Look, the Spectrometer tells you the elements present. That’s it. Elements.

But your question can only be answered by knowing the compounds, and the effectiveness of the compounds. The spectrometer won’t tell you that.

Because the spectrometer reduces the complexity of what you’re examining to the very basic elements, and from that, you can tell, well, very little.

It’s like taking a Lego model, and smashing it to individual bricks, then looking at how many bricks you’ve got. You have no idea if the model was good, or even what the model was before you smashed it.
 
Although continuing your logic, it doesn’t seem that Extended Protection was moving very switfly off the shelves, either. No company discontinues their top sellers; they simply find a way to make it cheaper in order to boost their profits.

Not saying the Valvoline EP is bad or subpar at any level; but it appears their marketing and performance just aren’t distinctive enough to convince customers to pay the current price, so they axed it.

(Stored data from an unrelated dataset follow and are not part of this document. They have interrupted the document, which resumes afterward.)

(* Let $A,K$ be algebras and $\xi:A\to\mathrm{Out}(K)$ a coupling admitting at least one bimultiplication law covering it. Then the cohomology class of $f(\mu,h)$ in the Hochschild cohomology $HH^3(A,\mathrm{Anni}K)$ (with coefficients in the $A$-bimodule $\mathrm{Anni}K$ determined by $\xi$) is independent of the choice of the bimultiplication law $\mu$ covering $\xi$ and of the hindrance $h$ of $\mu$. This class is denoted $\mathrm{Obs}(\xi)$ (the obstruction of $\xi$).
   Context: All algebras are associative, not necessarily unital, over a field $\mathbb F$. For an algebra $K$, a bimultiplication of $K$ is a pair $(u,v)$ of linear maps $K\to K$ with $k_1u(k_2)=v(k_1)k_2$, $u(k_1k_2)=u(k_1)k_2$, $v(k_1k_2)=k_1v(k_2)$; these form an algebra $\mathrm{Mul}(K)$ with product $(u_1,v_1)(u_2,v_2)=(u_1\circ u_2,\ v_2\circ v_1)$. $\epsilon:K\to\mathrm{Mul}(K)$, $\epsilon(k_0)=(k\mapsto k_0k,\ k\mapsto kk_0)$; $\mathrm{Inn}(K)=\epsilon(K)$, $\mathrm{Out}(K)=\mathrm{Mul}(K)/\mathrm{Inn}(K)$ with projection $\natural$; $\mathrm{Anni}K=\{k: kK=0=Kk\}$. A coupling is an algebra homomorphism $\xi:A\to\mathrm{Out}(K)$. A bimultiplication law covering $\xi$ is a linear map $\mu:A\to\mathrm{Mul}(K)$, $\mu(a)=(u_a,v_a)$, with $\natural\circ\mu=\xi$ and $u_av_b=v_bu_a$ for all $a,b\in A$; then $\mathrm{Anni}K$ is an $A$-bimodule via $a\cdot n=u_a(n)$, $n\cdot a=v_a(n)$, independent of the choice of $\mu$. Curvature: $R^\mu(a_1,a_2)=\mu(a_1)\mu(a_2)-\mu(a_1a_2)$. A hindrance is a bilinear $h:A\times A\to K$ with $\epsilon\circ h=R^\mu$. $f(\mu,h)(a_1,a_2,a_3)=u_{a_1}h(a_2,a_3)-h(a_1a_2,a_3)+h(a_1,a_2a_3)-v_{a_3}h(a_1,a_2)$; it is a Hochschild $3$-cocycle with values in $\mathrm{Anni}K$. Hochschild cochains $C^n(A,N)$ are $n$-linear maps $A^n\to N$ with differential $\delta g(a_1,\dots,a_{n+1})=a_1g(a_2,\dots)+\sum_{i=1}^n(-1)^ig(\dots,a_ia_{i+1},\dots)+(-1)^{n+1}g(a_1,\dots,a_n)a_{n+1}$. *)

From HB Require Import structures.
From mathcomp Require Import all_boot all_order all_algebra.
Set Implicit Arguments. Unset Strict Implicit. Unset Printing Implicit Defensive.
Import GRing.Theory.
Local Open Scope ring_scope.

Record nalg (F : fieldType) := NAlg {
  ncar :> lmodType F;
  nmul : ncar -> ncar -> ncar;
  nmulA : forall x y z, nmul x (nmul y z) = nmul (nmul x y) z;
  nmul_linl : forall (c : F) x y z, nmul (c *: x + y) z = c *: nmul x z + nmul y z;
  nmul_linr : forall (c : F) x y z, nmul z (c *: x + y) = c *: nmul z x + nmul z y
}.

Section Defs.
Variable F : fieldType.

Definition is_lin (V W : lmodType F) (f : V -> W) :=
  forall (c : F) x y, f (c *: x + y) = c *: f x + f y.

Definition is_bilin (V W : lmodType F) (g : V -> V -> W) :=
  (forall y, is_lin (fun x => g x y)) /\ (forall x, is_lin (g x)).

Variables (A K : nalg F).

Definition is_bimul (u v : K -> K) :=
  [/\ is_lin u, is_lin v,
      (forall k1 k2, nmul k1 (u k2) = nmul (v k1) k2),
      (forall k1 k2, u (nmul k1 k2) = nmul (u k1) k2) &
      (forall k1 k2, v (nmul k1 k2) = nmul k1 (v k2))].

Definition is_inn (u v : K -> K) :=
  exists k0 : K, (forall k, u k = nmul k0 k) /\ (forall k, v k = nmul k k0).

Definition in_anni (n : K) := forall k, nmul n k = 0 /\ nmul k n = 0.

(* A coupling xi : A -> Out(K) = Mul(K)/Inn(K), given by a choice of
   representatives (xu a, xv a) in Mul(K) of xi(a); xi is linear and
   multiplicative, i.e. these identities hold modulo Inn(K). *)
Definition is_coupling (xu xv : A -> K -> K) :=
  [/\ (forall a, is_bimul (xu a) (xv a)),
      (forall (c : F) a b,
         is_inn (fun k => xu (c *: a + b) k - (c *: xu a k + xu b k))
                (fun k => xv (c *: a + b) k - (c *: xv a k + xv b k))) &
      (forall a b,
         is_inn (fun k => xu a (xu b k) - xu (nmul a b) k)
                (fun k => xv b (xv a k) - xv (nmul a b) k))].

Definition is_bimul_law (xu xv : A -> K -> K) (u v : A -> K -> K) :=
  [/\ (forall (c : F) a b k, u (c *: a + b) k = c *: u a k + u b k),
      (forall (c : F) a b k, v (c *: a + b) k = c *: v a k + v b k),
      (forall a, is_bimul (u a) (v a)),
      (forall a, is_inn (fun k => u a k - xu a k) (fun k => v a k - xv a k)) &
      (forall a b k, u a (v b k) = v b (u a k))].

Definition is_hindrance (u v : A -> K -> K) (h : A -> A -> K) :=
  is_bilin h /\
  forall a1 a2 k,
    nmul (h a1 a2) k = u a1 (u a2 k) - u (nmul a1 a2) k /\
    nmul k (h a1 a2) = v a2 (v a1 k) - v (nmul a1 a2) k.

Definition fobs (u v : A -> K -> K) (h : A -> A -> K) (a1 a2 a3 : A) : K :=
  u a1 (h a2 a3) - h (nmul a1 a2) a3 + h a1 (nmul a2 a3) - v a3 (h a1 a2).

(* Hochschild differential C^2(A, Anni K) -> C^3(A, Anni K),
   bimodule structure a.n = u a n, n.a = v a n *)
Definition hoch_d2 (u v : A -> K -> K) (g : A -> A -> K) (a1 a2 a3 : A) : K :=
  u a1 (g a2 a3) - g (nmul a1 a2) a3 + g a1 (nmul a2 a3) - v a3 (g a1 a2).

Definition hh3_same_class (u v : A -> K -> K) (f1 f2 : A -> A -> A -> K) :=
  exists g : A -> A -> K,
    [/\ is_bilin g, (forall a1 a2, in_anni (g a1 a2)) &
        forall a1 a2 a3, f1 a1 a2 a3 - f2 a1 a2 a3 = hoch_d2 u v g a1 a2 a3].

End Defs.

Changing the name is only a temporary sales fix; they may sell some extra units early on, but then it will quickly taper off like Extended Performance.

IMHO the smarter business move would be to chop a couple bucks off the price to make it more attractive to penny pinchers, and spend the marketing dollars in expanding their MaxLife customer base. ML’s a solid product line, and there was a thread not too long ago that the average car is now the oldest it’s ever been. I get that R&P is “technically” a used car target, but very few customers that shop WM shelves are going to want to pay top-shelf dollar for this when they can just grab M1 EP or FS at comparable or cheaper price.
R&P isn't at Walmart yet. The price is almost $40 per jug at AutoZone, but that's par for the course as the parts stores always sell jugs of motor oil about $10 higher than Walmart. When this product hits Walmart shelves it'll be about $29 dollars.